- **Dataset entries**
• • • • • • •
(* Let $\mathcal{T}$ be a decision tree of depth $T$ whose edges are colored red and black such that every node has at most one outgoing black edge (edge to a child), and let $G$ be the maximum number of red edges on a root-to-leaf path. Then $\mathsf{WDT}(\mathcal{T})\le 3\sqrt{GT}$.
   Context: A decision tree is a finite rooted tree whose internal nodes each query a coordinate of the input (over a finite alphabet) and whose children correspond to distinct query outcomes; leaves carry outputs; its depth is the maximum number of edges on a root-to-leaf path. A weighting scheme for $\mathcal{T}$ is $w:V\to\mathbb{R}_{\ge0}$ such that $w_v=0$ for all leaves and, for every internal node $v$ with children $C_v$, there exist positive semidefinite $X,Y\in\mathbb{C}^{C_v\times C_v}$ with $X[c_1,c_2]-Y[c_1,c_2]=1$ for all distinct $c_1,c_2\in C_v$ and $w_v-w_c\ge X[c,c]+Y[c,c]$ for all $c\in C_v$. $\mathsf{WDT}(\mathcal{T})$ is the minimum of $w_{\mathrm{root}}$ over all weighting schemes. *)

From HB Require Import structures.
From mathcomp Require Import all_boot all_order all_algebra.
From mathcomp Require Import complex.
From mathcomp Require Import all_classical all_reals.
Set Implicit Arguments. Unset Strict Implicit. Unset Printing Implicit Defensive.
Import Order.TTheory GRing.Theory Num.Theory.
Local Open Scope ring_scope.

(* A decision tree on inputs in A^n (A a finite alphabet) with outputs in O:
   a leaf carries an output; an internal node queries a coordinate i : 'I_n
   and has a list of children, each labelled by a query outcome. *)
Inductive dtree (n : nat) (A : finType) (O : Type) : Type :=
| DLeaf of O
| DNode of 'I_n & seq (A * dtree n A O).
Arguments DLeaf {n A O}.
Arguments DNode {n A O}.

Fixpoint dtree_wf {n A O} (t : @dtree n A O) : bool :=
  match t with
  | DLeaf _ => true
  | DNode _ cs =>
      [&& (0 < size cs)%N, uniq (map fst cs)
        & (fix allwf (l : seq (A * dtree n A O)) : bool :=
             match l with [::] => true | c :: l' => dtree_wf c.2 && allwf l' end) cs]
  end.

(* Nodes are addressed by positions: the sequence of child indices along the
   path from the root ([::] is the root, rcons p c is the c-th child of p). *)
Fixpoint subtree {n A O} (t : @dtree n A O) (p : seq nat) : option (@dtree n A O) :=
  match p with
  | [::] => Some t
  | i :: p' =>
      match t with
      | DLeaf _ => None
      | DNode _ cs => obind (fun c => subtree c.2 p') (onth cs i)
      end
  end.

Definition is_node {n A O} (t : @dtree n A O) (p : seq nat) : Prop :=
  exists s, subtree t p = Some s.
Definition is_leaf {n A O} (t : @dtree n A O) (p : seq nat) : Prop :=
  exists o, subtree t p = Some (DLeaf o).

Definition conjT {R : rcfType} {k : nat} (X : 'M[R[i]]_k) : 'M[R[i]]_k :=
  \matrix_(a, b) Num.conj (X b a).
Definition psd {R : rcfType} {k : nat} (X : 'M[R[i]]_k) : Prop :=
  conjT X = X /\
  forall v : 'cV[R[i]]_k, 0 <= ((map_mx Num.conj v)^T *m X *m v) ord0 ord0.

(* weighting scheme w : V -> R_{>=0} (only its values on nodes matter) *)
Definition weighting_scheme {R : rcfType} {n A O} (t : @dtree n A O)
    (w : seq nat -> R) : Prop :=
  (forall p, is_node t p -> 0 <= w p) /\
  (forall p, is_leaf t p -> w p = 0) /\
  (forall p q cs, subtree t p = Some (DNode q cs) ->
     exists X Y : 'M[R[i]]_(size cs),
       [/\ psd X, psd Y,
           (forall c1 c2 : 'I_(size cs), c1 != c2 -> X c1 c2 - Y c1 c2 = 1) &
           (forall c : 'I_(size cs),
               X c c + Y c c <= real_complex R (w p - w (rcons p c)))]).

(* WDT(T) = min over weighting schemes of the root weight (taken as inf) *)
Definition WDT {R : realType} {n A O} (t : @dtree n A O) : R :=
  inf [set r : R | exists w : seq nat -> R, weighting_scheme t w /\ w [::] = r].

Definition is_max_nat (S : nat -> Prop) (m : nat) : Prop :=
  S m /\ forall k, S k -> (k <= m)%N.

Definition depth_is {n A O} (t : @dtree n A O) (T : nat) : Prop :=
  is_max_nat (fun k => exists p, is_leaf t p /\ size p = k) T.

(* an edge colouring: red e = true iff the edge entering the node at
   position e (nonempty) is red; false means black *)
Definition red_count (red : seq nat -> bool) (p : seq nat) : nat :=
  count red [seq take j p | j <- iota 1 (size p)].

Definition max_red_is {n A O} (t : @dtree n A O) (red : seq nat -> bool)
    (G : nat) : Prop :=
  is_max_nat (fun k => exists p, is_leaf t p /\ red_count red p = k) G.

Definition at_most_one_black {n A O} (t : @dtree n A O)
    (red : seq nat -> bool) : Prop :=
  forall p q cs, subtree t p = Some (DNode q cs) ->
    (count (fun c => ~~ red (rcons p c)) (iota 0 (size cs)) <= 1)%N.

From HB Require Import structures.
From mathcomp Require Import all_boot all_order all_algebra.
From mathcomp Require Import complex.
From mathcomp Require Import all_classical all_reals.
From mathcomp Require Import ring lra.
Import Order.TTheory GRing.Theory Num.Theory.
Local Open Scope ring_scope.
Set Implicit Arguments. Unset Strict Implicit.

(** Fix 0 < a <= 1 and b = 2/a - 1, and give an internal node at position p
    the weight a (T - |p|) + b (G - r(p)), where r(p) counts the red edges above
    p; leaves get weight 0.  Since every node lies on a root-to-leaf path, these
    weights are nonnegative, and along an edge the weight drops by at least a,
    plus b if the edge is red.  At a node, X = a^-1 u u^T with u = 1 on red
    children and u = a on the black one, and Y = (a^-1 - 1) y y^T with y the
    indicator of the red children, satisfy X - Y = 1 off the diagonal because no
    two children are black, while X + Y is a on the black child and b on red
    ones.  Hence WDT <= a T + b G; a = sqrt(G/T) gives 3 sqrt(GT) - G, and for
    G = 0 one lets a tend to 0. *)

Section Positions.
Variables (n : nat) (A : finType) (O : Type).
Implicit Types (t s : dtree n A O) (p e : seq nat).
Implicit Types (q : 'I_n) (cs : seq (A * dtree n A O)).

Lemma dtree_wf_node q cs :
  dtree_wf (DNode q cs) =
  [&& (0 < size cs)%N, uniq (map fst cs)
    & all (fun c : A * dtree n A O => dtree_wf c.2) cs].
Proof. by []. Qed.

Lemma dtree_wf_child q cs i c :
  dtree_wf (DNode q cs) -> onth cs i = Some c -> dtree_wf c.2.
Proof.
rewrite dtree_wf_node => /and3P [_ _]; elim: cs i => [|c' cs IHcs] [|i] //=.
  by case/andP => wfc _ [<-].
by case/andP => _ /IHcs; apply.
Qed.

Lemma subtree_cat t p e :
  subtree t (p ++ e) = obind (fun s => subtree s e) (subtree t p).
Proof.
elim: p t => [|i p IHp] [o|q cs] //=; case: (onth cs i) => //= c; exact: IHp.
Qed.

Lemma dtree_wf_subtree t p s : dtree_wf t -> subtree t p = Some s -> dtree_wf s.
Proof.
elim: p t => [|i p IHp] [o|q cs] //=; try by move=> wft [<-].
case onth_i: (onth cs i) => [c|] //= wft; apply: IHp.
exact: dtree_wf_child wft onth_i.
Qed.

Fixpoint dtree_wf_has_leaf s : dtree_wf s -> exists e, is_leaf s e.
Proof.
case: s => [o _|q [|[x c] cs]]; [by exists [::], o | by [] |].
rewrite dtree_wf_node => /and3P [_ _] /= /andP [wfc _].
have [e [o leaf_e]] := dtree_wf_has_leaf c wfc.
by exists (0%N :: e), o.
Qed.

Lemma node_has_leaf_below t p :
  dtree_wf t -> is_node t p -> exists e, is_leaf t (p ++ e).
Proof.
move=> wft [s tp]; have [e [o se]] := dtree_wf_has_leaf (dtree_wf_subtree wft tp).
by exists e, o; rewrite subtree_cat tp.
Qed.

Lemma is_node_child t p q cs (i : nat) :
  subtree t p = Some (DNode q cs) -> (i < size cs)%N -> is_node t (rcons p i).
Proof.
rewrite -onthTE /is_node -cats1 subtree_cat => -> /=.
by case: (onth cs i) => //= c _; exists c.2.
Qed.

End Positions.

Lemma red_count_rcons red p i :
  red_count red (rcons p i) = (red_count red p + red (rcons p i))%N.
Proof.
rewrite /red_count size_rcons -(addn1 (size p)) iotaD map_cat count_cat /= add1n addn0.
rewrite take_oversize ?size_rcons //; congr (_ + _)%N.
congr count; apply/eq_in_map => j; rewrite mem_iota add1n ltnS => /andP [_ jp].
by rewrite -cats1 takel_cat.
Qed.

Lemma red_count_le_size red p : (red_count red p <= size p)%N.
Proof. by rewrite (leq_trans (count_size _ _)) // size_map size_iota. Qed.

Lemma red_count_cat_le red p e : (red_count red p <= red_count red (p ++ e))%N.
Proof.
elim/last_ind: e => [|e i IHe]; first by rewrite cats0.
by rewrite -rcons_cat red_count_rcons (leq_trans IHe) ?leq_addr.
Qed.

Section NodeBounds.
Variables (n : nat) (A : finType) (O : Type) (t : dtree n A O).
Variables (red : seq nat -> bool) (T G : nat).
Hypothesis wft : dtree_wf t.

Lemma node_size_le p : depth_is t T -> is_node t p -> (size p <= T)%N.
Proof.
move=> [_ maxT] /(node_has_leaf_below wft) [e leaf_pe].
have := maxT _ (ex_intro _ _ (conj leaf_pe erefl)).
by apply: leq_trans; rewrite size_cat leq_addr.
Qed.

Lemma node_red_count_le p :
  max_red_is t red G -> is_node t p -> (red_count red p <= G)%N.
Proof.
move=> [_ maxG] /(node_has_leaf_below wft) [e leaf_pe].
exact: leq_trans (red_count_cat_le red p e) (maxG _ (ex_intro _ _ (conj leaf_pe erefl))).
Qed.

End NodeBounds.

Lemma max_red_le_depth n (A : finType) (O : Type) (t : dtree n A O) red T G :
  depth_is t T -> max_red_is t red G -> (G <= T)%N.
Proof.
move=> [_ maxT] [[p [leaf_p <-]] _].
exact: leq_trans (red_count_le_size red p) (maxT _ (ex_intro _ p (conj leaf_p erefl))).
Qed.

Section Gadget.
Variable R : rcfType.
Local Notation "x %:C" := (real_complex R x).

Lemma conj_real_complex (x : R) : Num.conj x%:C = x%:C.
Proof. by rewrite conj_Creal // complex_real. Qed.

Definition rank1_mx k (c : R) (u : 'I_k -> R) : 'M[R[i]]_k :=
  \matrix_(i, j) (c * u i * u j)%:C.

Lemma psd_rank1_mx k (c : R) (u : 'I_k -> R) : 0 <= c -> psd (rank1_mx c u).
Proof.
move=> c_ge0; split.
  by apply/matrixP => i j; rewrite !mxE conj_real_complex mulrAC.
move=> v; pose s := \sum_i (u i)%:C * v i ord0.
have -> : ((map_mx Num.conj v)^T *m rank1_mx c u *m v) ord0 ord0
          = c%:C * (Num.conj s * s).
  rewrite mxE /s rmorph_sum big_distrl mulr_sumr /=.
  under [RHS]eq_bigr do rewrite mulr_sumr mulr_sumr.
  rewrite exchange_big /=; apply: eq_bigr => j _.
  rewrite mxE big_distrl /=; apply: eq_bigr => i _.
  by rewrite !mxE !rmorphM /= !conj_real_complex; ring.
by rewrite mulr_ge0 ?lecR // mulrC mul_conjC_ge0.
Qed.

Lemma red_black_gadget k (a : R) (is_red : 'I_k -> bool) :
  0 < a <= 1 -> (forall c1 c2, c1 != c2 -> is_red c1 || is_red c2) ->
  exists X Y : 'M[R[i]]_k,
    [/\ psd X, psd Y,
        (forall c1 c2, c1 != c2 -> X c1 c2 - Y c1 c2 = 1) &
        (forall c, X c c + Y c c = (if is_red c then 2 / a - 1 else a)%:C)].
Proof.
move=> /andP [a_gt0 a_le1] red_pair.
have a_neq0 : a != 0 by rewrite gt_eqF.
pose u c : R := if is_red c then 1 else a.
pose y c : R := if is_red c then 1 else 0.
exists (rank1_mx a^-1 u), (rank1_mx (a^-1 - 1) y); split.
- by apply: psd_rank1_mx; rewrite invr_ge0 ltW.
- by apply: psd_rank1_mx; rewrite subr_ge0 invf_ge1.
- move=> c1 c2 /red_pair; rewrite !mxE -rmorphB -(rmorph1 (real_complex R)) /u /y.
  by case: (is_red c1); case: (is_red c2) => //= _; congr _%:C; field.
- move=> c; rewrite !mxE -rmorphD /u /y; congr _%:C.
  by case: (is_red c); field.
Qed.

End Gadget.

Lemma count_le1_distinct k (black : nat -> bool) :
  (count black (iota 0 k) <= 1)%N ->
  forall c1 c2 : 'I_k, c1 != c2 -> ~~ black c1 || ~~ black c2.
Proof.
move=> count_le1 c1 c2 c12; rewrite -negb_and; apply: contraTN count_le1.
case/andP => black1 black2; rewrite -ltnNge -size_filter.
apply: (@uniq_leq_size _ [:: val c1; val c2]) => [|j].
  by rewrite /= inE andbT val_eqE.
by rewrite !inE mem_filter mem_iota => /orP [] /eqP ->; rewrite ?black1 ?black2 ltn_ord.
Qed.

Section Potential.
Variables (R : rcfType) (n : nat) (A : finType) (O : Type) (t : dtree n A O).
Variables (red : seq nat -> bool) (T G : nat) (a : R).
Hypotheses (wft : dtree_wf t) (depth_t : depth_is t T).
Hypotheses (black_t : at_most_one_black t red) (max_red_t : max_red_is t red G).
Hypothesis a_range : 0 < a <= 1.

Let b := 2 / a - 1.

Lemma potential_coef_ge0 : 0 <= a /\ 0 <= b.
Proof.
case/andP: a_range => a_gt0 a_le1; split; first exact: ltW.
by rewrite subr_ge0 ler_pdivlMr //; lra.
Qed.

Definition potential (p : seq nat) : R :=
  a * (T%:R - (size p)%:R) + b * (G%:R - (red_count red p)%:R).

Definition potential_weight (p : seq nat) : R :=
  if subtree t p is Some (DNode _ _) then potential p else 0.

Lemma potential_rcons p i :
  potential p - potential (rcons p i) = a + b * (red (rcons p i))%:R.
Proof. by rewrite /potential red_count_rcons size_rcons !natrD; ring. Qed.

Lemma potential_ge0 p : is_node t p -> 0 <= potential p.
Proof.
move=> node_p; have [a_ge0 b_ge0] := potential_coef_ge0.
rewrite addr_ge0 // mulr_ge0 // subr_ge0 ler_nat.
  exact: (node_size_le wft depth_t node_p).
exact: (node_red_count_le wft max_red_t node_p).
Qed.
• • • • • • •
- **Task description**
In the entries above, one line contains "and has a list" and another contains "(* Nodes are". Reproduce exactly those two lines and the lines between them, nothing else.

- **Result for this task**
   and has a list of children, each labelled by a query outcome. *)
Inductive dtree (n : nat) (A : finType) (O : Type) : Type :=
| DLeaf of O
| DNode of 'I_n & seq (A * dtree n A O).
Arguments DLeaf {n A O}.
Arguments DNode {n A O}.

Fixpoint dtree_wf {n A O} (t : @dtree n A O) : bool :=
  match t with
  | DLeaf _ => true
  | DNode _ cs =>
      [&& (0 < size cs)%N, uniq (map fst cs)
        & (fix allwf (l : seq (A * dtree n A O)) : bool :=
             match l with [::] => true | c :: l' => dtree_wf c.2 && allwf l' end) cs]
  end.

(* Nodes are addressed by positions: the sequence of child indices along the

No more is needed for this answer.